Top of Information shown

Lemma vdir_deriv_avg I a b (h : 'I_I -> vec a -> vec b) x d v : (0 < I)%N ->
  (forall j, vdir_deriv (h j) x d (v j)) ->
  vdir_deriv (fun y => vscal (/ INR I) (vsum (fun j => h j y))) x d (vscal (/ INR I) (vsum v)).
Proof.
move=> I0 hv eps eps0; have I0' : 0 < INR I by apply: lt_0_INR; lia.
have [del [del0 hdel]] := finite_min_delta (fun j => hv j eps eps0).
exists del; split => // t t_lt.
set e := fun j => vsub (vsub (h j (ray x d t)) (h j x)) (vscal t (v j)).
have -> : vsub (vsub (vscal (/ INR I) (vsum (fun j => h j (ray x d t))))
                      (vscal (/ INR I) (vsum (fun j => h j x))))
               (vscal t (vscal (/ INR I) (vsum v))) = vscal (/ INR I) (vsum e).
  apply: functional_extensionality => c.
  by rewrite /e /vsub /vscal /vsum !rsumB rsumZ; ring.
rewrite vnormZ Rabs_pos_eq; last by left; apply: Rinv_0_lt_compat.
apply: Rle_trans (Rmult_le_compat_l _ _ _ _ (vnorm_vsum e)) _.
  by left; apply: Rinv_0_lt_compat.
by apply: avg_le => // j; apply: hdel.
Qed.

Lemma dir_deriv_avg I a (h : 'I_I -> vec a -> R) x d v : (0 < I)%N ->
  (forall i, dir_deriv (h i) x d (v i)) ->
  dir_deriv (fun y => / INR I * rsum (fun i => h i y)) x d (/ INR I * rsum v).
Proof.
move=> I0 hv eps eps0.
have [del [del0 hdel]] := finite_min_delta (fun i => hv i eps eps0).
exists del; split => // t t_lt.
have -> : / INR I * rsum (fun i => h i (ray x d t)) - / INR I * rsum (fun i => h i x)
          - t * (/ INR I * rsum v)
        = / INR I * rsum (fun i => h i (ray x d t) - h i x - t * v i).
  by rewrite !rsumB rsumZ; ring.
by apply: Rabs_avg_le => // i; apply: hdel.
Qed.

Lemma dir_deriv_comp a b (h : vec a -> vec b) (f : vec b -> R) gf x d v :
  vdir_deriv h x d v -> has_gradient f gf ->
  dir_deriv (fun y => f (h y)) x d (dot (gf (h x)) v).
Proof.
move=> hv hf eps eps0.
set u := h x; set V := vnorm v; set Gn := vnorm (gf u).
have V0 : 0 <= V := vnorm_ge0 v; have Gn0 : 0 <= Gn := vnorm_ge0 (gf u).
pose ef := eps / 2 / (V + 1); pose eg := eps / 2 / (Gn + 1).
have [d1 [d1_0 h1]] := hv 1 Rlt_0_1.
have eg0 : 0 < eg by apply: Rdiv_lt_0_compat; lra.
have ef0 : 0 < ef by apply: Rdiv_lt_0_compat; lra.
have [d2 [d2_0 h2]] := hv eg eg0.
have [df [df0 hdf]] := hf u ef ef0.
exists (Rmin (Rmin d1 d2) (df / (V + 1))); split.
  by apply: Rmin_glb_lt; [apply: Rmin_glb_lt | apply: Rdiv_lt_0_compat; lra].
move=> t [t0 t_lt].
have := Rmin_l (Rmin d1 d2) (df / (V + 1)); have := Rmin_r (Rmin d1 d2) (df / (V + 1)).
have := Rmin_l d1 d2; have := Rmin_r d1 d2 => ? ? t_df ?.
have {}t_df : t * (V + 1) < df by apply: lt_div_mul; lra.
have h1t : vnorm (vsub (vsub (h (ray x d t)) u) (vscal t v)) <= 1 * t by apply: h1; lra.
have h2t : vnorm (vsub (vsub (h (ray x d t)) u) (vscal t v)) <= eg * t by apply: h2; lra.
set D := vsub (h (ray x d t)) u in h1t h2t *.
have D_bound : vnorm D <= t * (V + 1).
  have -> : D = vadd (vsub D (vscal t v)) (vscal t v).
    by apply: functional_extensionality => c; rewrite /vadd /vsub /vscal; ring.
  apply: Rle_trans (vnormD _ _) _; rewrite vnormZ Rabs_pos_eq -/V; lra.
have outer : Rabs (f (h (ray x d t)) - f u - dot (gf u) D) <= ef * (t * (V + 1)).
  apply: Rle_trans (hdf _ _) _; first by rewrite -/D; lra.
  by apply: Rmult_le_compat_l => //; left; apply: Rdiv_lt_0_compat; lra.
have inner : Rabs (dot (gf u) D - t * dot (gf u) v) <= Gn * (eg * t).
  have -> : dot (gf u) D - t * dot (gf u) v = dot (gf u) (vsub D (vscal t v)) by vec_ring.
  by apply: Rle_trans (Rabs_dot_le _ _) _; apply: Rmult_le_compat_l.
have -> : f (h (ray x d t)) - f u - t * dot (gf u) v
        = (f (h (ray x d t)) - f u - dot (gf u) D) + (dot (gf u) D - t * dot (gf u) v) by ring.
apply: Rle_trans (Rabs_triang _ _) _.
have ef_V : ef * (t * (V + 1)) = eps / 2 * t by rewrite /ef; field; lra.
have := div_succ_mul_le (Rlt_le 0 (eps / 2) ltac:(lra)) Gn0; rewrite -/eg; nra.
Qed.

Lemma nonneg_of_small_quadratic lin quad :
  (forall t, 0 < t <= 1 -> 0 <= t * lin + t * t * quad) -> 0 <= lin.
Proof.
move=> H; apply: Rle_plus_epsilon => eps eps0.
have quad0 := Rabs_pos quad.
pose t := Rmin 1 (eps / (Rabs quad + 1)).
have t0 : 0 < t by apply: Rmin_glb_lt; [lra | apply: Rdiv_lt_0_compat; lra].
have t1 : t <= 1 := Rmin_l _ _.
have t_quad : t * Rabs quad <= eps.
  apply: Rle_trans (div_succ_mul_le (Rlt_le _ _ eps0) quad0).
  by apply: Rmult_le_compat_r => //; apply: Rmin_r.
have := H t (conj t0 t1); have := Rle_abs quad; have := Rle_abs (- quad); rewrite Rabs_Ropp.
nra.
Qed.

Definition x_step_objective p q l (A : mat p q) (B : mat p l) (v xk : vec q) (lk : vec p)
    (w1 : vec l) (rho a cc : R) (x : vec q) : R :=
  dot v (vsub x xk) + dot lk (mv A x) + rho / 2 * nsq (vadd (mv A x) (mv B w1))
  + a * gnorm2 cc (vsub x xk).

Lemma x_step_optimality p q l (A : mat p q) (B : mat p l) v xk x1 xs lk w1 rho a cc :
  (forall x, x_step_objective A B v xk lk w1 rho a cc x1
             <= x_step_objective A B v xk lk w1 rho a cc x) ->
  0 <= dot v (vsub xs x1) + dot (tmv A (vadd lk (vscal rho (vadd (mv A x1) (mv B w1))))) (vsub xs x1)
       + 2 * a * cc * dot (vsub x1 xk) (vsub xs x1).
Proof.
move=> x1_min; set d := vsub xs x1; set r := vadd (mv A x1) (mv B w1).
apply: (nonneg_of_small_quadratic (quad := rho / 2 * nsq (mv A d) + a * cc * nsq d)) => t _.
have := x1_min (ray x1 d t); rewrite /x_step_objective /gnorm2 -/r.
have -> : mv A (ray x1 d t) = ray (mv A x1) (mv A d) t.
  by apply: functional_extensionality => c; rewrite /mv /ray -rsumZ -rsumD; apply: rsum_ext => b; ring.
have -> : dot v (vsub (ray x1 d t) xk) = dot v (vsub x1 xk) + t * dot v d by rewrite /ray; vec_ring.
have -> : dot lk (ray (mv A x1) (mv A d) t) = dot lk (mv A x1) + t * dot lk (mv A d).
  by rewrite /ray; vec_ring.
have -> : nsq (vadd (ray (mv A x1) (mv A d) t) (mv B w1))
          = nsq r + 2 * t * dot r (mv A d) + t * t * nsq (mv A d) by rewrite /r /ray; vec_ring.
have -> : nsq (vsub (ray x1 d t) xk)
          = nsq (vsub x1 xk) + 2 * t * dot (vsub x1 xk) d + t * t * nsq d by rewrite /ray; vec_ring.
have -> : dot (tmv A (vadd lk (vscal rho r))) d = dot lk (mv A d) + rho * dot r (mv A d).
  by rewrite dot_tmv; vec_ring.
nra.
Qed.

Lemma ray0 q (x d : vec q) : ray x d 0 = x.
Proof. by apply: functional_extensionality => b; rewrite /ray; ring. Qed.

Lemma le0_of_le_inv_nat a C : 0 <= C -> (forall N, (0 < N)%N -> a <= C * / INR N) -> a <= 0.
Proof.
move=> C0 aC; apply: Rle_plus_epsilon => eps eps0.
have e0 : 0 < eps / (C + 1) by apply: Rdiv_lt_0_compat; lra.
have [N [N_eps /ltP N0]] := archimed_cor1 _ e0.
apply: Rle_trans (aC N N0) _.
have : C * / INR N <= C * (eps / (C + 1)) by apply: Rmult_le_compat_l; lra.
have := div_succ_mul_le (Rlt_le _ _ eps0) C0; lra.
Qed.

Section SmoothConvex.
Variables (q : nat) (F : vec q -> R) (G : vec q -> vec q).
Hypothesis F_convex : convex F.
Hypothesis F_dir_deriv : forall x d, dir_deriv F x d (dot (G x) d).

Lemma convex_gradient_ineq x y : F x + dot (G x) (vsub y x) <= F y.
Proof.
set d := vsub y x; set D := dot (G x) d.
suff : D <= F y - F x by lra.
apply: Rle_plus_epsilon => eps eps0.
have [del [del0 hdel]] := F_dir_deriv x d eps0.
pose t := Rmin (1 / 2) (del / 2).
have t0 : 0 < t by apply: Rmin_glb_lt; lra.
have := Rmin_l (1 / 2) (del / 2); have := Rmin_r (1 / 2) (del / 2); rewrite -/t => ? ?.
have lower : - (eps * t) <= F (ray x d t) - F x - t * D.
  have : Rabs (F (ray x d t) - F x - t * D) <= eps * t by apply: hdel; lra.
  by have := Rle_abs (- (F (ray x d t) - F x - t * D)); rewrite Rabs_Ropp; lra.
have /(F_convex y x) : 0 <= t <= 1 by lra.
have -> : vadd (vscal t y) (vscal (1 - t) x) = ray x d t.
  by apply: functional_extensionality => b; rewrite /ray /d /vadd /vscal /vsub; ring.
move=> upper; apply: (Rmult_le_reg_l t) => //; nra.
Qed.

Variable L : R.
Hypothesis L_ge0 : 0 <= L.
Hypothesis G_lipschitz : forall x y d,
  dot (G y) d - dot (G x) d <= L * vnorm (vsub y x) * vnorm d.

Lemma ray_increment_le x d a h : 0 <= h -> 0 <= a + h ->
  F (ray x d (a + h)) - F (ray x d a) <= h * (dot (G x) d + L * (a + h) * nsq d).
Proof.
move=> h0 ah0.
have := convex_gradient_ineq (ray x d (a + h)) (ray x d a).
have -> : vsub (ray x d a) (ray x d (a + h)) = vscal (- h) d.
  by apply: functional_extensionality => b; rewrite /ray /vsub /vscal; ring.
rewrite dotC dotZl dotC => grad.
have := G_lipschitz x (ray x d (a + h)) d.
rewrite ray_sub vnormZ Rabs_pos_eq // Rmult_assoc (Rmult_assoc (a + h)) vnorm_sq => lip.
nra.
Qed.

Lemma descent_lemma x y : F y <= F x + dot (G x) (vsub y x) + L / 2 * nsq (vsub y x).
Proof.
set d := vsub y x; set D := dot (G x) d; set Q := nsq d.
have Q0 : 0 <= Q := nsq_ge0 d.
suff : F y - F x - D - L / 2 * Q <= 0 by lra.
apply: (le0_of_le_inv_nat (C := L * Q / 2)) => [|N N0]; first nra.
have N0' : 0 < INR N by apply: lt_0_INR; apply/ltP.
have partial k : F (ray x d (INR k / INR N)) - F x
    <= INR k / INR N * D + L * Q * (INR k * (INR k + 1)) / (2 * (INR N * INR N)).
  elim: k => [|k IH]; first by rewrite /= /Rdiv Rmult_0_l ray0; right; field; lra.
  have k0 := pos_INR k.
  have kN0 : 0 <= INR k / INR N by apply: Rmult_le_pos => //; left; apply: Rinv_0_lt_compat.
  have N0'' : 0 <= / INR N by left; apply: Rinv_0_lt_compat.
  have /(_ N0'') := @ray_increment_le x d (INR k / INR N) (/ INR N).
  have /[swap]/[apply] : 0 <= INR k / INR N + / INR N by lra.
  have -> : INR k / INR N + / INR N = INR k.+1 / INR N by rewrite S_INR; field; lra.
  rewrite -/D -/Q S_INR => step.
  have -> : (INR k + 1) / INR N * D + L * Q * ((INR k + 1) * (INR k + 1 + 1)) / (2 * (INR N * INR N))
          = INR k / INR N * D + L * Q * (INR k * (INR k + 1)) / (2 * (INR N * INR N))
            + / INR N * (D + L * ((INR k + 1) / INR N) * Q) by field; lra.
  lra.
have := partial N.
have -> : ray x d (INR N / INR N) = y.
  by apply: functional_extensionality => b; rewrite /ray /d /vsub; field; lra.
have -> : INR N / INR N * D + L * Q * (INR N * (INR N + 1)) / (2 * (INR N * INR N))
        = D + L / 2 * Q + L * Q / 2 * / INR N by field; lra.
lra.
Qed.


Lemma x_step_descent p l (A : mat p q) (B : mat p l) v xk x1 xs lk w1 rho eta cc :
  0 < eta -> eta * L <= cc ->
  (forall x, x_step_objective A B v xk lk w1 rho (/ (2 * eta)) cc x1
             <= x_step_objective A B v xk lk w1 rho (/ (2 * eta)) cc x) ->
  gnorm2 cc (vsub x1 xs) <= gnorm2 cc (vsub xk xs)
     - 2 * eta * (F x1 - F xs)
     - 2 * eta * dot (vsub v (G xk)) (vsub x1 xs)
     + 2 * eta * dot (tmv A (vadd lk (vscal rho (vadd (mv A x1) (mv B w1))))) (vsub xs x1).
Proof.
move=> eta0 etaL /x_step_optimality opt; have {opt} := opt xs.
set T := dot (tmv A _) _; rewrite /gnorm2.
have three_points : 2 * dot (vsub x1 xk) (vsub xs x1)
    = nsq (vsub xk xs) - nsq (vsub x1 xs) - nsq (vsub x1 xk) by vec_ring.
have split_v : dot v (vsub xs x1) = dot (G xk) (vsub xs x1) - dot (vsub v (G xk)) (vsub x1 xs).
  by vec_ring.
have lin_model : dot (G xk) (vsub xs x1) <= F xs - F x1 + L / 2 * nsq (vsub x1 xk).
  have := convex_gradient_ineq xk xs; have := descent_lemma xk x1.
  have -> : dot (G xk) (vsub xs x1) = dot (G xk) (vsub xs xk) - dot (G xk) (vsub x1 xk) by vec_ring.
  lra.
rewrite split_v => opt.
have {}opt : 0 <= 2 * eta * (dot (G xk) (vsub xs x1) - dot (vsub v (G xk)) (vsub x1 xs) + T)
                      + cc * (nsq (vsub xk xs) - nsq (vsub x1 xs) - nsq (vsub x1 xk)).
  rewrite -three_points.
  have -> : cc * (2 * dot (vsub x1 xk) (vsub xs x1))
          = 2 * eta * (2 * / (2 * eta) * cc * dot (vsub x1 xk) (vsub xs x1)) by field; lra.
  rewrite -Rmult_plus_distr_l; apply: Rmult_le_pos; lra.
have N0 := nsq_ge0 (vsub x1 xk).
have : 2 * eta * dot (G xk) (vsub xs x1) <= 2 * eta * (F xs - F x1 + L / 2 * nsq (vsub x1 xk)).
  by apply: Rmult_le_compat_l; lra.
have : eta * L * nsq (vsub x1 xk) <= cc * nsq (vsub x1 xk) by apply: Rmult_le_compat_r.
lra.
Qed.

End SmoothConvex.

Section CompositionalObjective.
Variables (n m q r : nat).
Variables (g : 'I_m -> vec q -> vec r) (Jg : 'I_m -> vec q -> mat r q)
          (f : 'I_n -> vec r -> R) (gf : 'I_n -> vec r -> vec r).
Hypothesis n0 : (0 < n)%N.
Hypothesis m0 : (0 < m)%N.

Bottom of Information shown

Requirement: Look back at the entries above and repeat, unchanged, every line from the line holding "move=> h0 ah0." through the line holding "have Q0 : 0 <= Q := nsq_ge0 d.".

Output of the exercise:
move=> h0 ah0.
have := convex_gradient_ineq (ray x d (a + h)) (ray x d a).
have -> : vsub (ray x d a) (ray x d (a + h)) = vscal (- h) d.
  by apply: functional_extensionality => b; rewrite /ray /vsub /vscal; ring.
rewrite dotC dotZl dotC => grad.
have := G_lipschitz x (ray x d (a + h)) d.
rewrite ray_sub vnormZ Rabs_pos_eq // Rmult_assoc (Rmult_assoc (a + h)) vnorm_sq => lip.
nra.
Qed.

Lemma descent_lemma x y : F y <= F x + dot (G x) (vsub y x) + L / 2 * nsq (vsub y x).
Proof.
set d := vsub y x; set D := dot (G x) d; set Q := nsq d.
have Q0 : 0 <= Q := nsq_ge0 d.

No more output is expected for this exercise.